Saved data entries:

● ● ● ●

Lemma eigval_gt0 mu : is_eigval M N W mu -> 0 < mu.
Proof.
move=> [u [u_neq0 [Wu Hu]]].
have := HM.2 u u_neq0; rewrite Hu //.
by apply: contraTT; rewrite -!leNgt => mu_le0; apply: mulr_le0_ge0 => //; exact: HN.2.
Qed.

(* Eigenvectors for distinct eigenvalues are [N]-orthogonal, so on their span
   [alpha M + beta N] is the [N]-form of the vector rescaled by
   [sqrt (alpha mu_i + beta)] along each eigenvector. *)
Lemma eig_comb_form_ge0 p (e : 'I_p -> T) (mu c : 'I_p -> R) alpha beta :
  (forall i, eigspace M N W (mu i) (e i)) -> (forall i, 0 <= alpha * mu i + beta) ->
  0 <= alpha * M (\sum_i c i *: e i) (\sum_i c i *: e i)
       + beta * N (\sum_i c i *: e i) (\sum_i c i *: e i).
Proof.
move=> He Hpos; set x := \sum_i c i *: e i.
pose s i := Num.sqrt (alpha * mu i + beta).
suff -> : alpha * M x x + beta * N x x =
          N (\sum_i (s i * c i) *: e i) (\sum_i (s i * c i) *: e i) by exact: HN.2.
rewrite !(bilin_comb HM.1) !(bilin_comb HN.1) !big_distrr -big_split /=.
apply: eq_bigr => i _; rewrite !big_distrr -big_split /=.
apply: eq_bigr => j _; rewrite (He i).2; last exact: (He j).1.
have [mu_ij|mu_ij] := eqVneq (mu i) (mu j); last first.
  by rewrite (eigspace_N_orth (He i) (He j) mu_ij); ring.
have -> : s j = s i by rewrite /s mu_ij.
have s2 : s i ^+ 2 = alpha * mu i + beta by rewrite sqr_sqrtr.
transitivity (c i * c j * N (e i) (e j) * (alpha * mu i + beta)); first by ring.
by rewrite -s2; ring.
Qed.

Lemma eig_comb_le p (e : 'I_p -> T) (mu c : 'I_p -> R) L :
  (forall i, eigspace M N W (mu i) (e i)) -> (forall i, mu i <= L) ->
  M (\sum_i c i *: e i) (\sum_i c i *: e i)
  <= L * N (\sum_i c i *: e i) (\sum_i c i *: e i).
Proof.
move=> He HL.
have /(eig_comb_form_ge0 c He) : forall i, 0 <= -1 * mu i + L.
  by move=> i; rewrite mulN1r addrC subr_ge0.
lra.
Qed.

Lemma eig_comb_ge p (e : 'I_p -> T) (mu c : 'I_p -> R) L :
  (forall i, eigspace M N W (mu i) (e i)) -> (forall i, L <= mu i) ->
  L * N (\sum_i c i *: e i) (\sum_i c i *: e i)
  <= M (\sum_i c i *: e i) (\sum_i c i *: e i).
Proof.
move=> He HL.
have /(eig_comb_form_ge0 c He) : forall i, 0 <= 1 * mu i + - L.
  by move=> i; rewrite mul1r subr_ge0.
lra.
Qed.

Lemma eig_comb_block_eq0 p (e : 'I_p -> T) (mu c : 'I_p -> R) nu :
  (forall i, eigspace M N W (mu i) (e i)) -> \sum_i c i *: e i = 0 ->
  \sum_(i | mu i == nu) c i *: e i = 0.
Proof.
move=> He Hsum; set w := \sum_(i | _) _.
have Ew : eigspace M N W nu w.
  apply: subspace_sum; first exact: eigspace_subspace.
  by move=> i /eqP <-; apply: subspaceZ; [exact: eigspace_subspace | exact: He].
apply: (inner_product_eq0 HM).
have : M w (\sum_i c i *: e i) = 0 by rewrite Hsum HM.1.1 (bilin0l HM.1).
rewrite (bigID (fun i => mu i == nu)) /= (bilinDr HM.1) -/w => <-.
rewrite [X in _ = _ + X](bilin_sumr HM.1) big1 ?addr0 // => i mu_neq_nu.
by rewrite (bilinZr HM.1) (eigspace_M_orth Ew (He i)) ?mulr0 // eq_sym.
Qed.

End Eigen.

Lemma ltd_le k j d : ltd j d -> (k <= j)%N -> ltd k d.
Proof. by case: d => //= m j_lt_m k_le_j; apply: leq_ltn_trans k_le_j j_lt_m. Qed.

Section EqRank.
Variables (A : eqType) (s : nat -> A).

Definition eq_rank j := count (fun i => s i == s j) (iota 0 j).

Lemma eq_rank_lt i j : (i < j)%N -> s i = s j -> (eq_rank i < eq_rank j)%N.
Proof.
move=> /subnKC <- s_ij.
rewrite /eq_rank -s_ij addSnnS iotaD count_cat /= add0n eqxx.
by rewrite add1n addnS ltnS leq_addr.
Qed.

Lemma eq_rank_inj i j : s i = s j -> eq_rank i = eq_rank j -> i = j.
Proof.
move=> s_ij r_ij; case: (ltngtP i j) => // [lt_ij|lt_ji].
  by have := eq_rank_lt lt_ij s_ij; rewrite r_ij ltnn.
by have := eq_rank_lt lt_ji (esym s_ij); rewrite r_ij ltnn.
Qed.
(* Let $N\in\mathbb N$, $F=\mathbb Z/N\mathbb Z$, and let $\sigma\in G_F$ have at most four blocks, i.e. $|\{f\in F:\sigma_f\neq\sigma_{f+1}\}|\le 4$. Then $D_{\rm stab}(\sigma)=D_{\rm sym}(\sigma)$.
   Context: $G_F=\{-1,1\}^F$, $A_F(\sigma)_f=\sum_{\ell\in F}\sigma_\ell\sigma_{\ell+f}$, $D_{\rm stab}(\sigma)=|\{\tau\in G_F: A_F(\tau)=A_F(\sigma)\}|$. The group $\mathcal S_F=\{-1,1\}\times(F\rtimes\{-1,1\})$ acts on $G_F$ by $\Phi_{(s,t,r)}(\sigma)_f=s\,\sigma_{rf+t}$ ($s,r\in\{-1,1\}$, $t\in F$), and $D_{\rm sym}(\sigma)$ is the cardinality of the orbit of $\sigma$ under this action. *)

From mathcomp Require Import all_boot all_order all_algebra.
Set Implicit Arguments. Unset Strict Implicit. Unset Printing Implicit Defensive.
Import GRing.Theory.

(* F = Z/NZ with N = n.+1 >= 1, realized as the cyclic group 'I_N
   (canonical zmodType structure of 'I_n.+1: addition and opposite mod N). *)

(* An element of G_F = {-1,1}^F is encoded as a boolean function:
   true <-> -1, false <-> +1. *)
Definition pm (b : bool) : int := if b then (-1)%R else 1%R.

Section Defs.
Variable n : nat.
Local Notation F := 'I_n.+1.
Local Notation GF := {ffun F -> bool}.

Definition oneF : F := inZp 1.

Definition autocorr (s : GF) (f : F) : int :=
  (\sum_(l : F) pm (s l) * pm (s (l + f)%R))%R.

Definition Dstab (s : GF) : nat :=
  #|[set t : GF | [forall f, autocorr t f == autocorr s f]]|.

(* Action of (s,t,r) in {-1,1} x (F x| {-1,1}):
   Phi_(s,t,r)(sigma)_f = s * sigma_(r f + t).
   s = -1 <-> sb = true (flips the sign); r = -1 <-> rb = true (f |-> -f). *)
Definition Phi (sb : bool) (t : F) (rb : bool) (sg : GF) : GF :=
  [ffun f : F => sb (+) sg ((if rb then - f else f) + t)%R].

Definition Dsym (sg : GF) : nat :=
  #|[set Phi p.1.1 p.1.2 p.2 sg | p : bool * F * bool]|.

● ● ● ●

**WHAT THE TASK ASKS**
Using the entries above, give again exactly the lines from the line holding "rewrite /eq_rank -s_ij" through the line holding "(* An element". Include both end lines and nothing else.

**EXERCISE RESPONSE**
rewrite /eq_rank -s_ij addSnnS iotaD count_cat /= add0n eqxx.
by rewrite add1n addnS ltnS leq_addr.
Qed.

Lemma eq_rank_inj i j : s i = s j -> eq_rank i = eq_rank j -> i = j.
Proof.
move=> s_ij r_ij; case: (ltngtP i j) => // [lt_ij|lt_ji].
  by have := eq_rank_lt lt_ij s_ij; rewrite r_ij ltnn.
by have := eq_rank_lt lt_ji (esym s_ij); rewrite r_ij ltnn.
Qed.
(* Let $N\in\mathbb N$, $F=\mathbb Z/N\mathbb Z$, and let $\sigma\in G_F$ have at most four blocks, i.e. $|\{f\in F:\sigma_f\neq\sigma_{f+1}\}|\le 4$. Then $D_{\rm stab}(\sigma)=D_{\rm sym}(\sigma)$.
   Context: $G_F=\{-1,1\}^F$, $A_F(\sigma)_f=\sum_{\ell\in F}\sigma_\ell\sigma_{\ell+f}$, $D_{\rm stab}(\sigma)=|\{\tau\in G_F: A_F(\tau)=A_F(\sigma)\}|$. The group $\mathcal S_F=\{-1,1\}\times(F\rtimes\{-1,1\})$ acts on $G_F$ by $\Phi_{(s,t,r)}(\sigma)_f=s\,\sigma_{rf+t}$ ($s,r\in\{-1,1\}$, $t\in F$), and $D_{\rm sym}(\sigma)$ is the cardinality of the orbit of $\sigma$ under this action. *)

From mathcomp Require Import all_boot all_order all_algebra.
Set Implicit Arguments. Unset Strict Implicit. Unset Printing Implicit Defensive.
Import GRing.Theory.

(* F = Z/NZ with N = n.+1 >= 1, realized as the cyclic group 'I_N
   (canonical zmodType structure of 'I_n.+1: addition and opposite mod N). *)

(* An element of G_F = {-1,1}^F is encoded as a boolean function:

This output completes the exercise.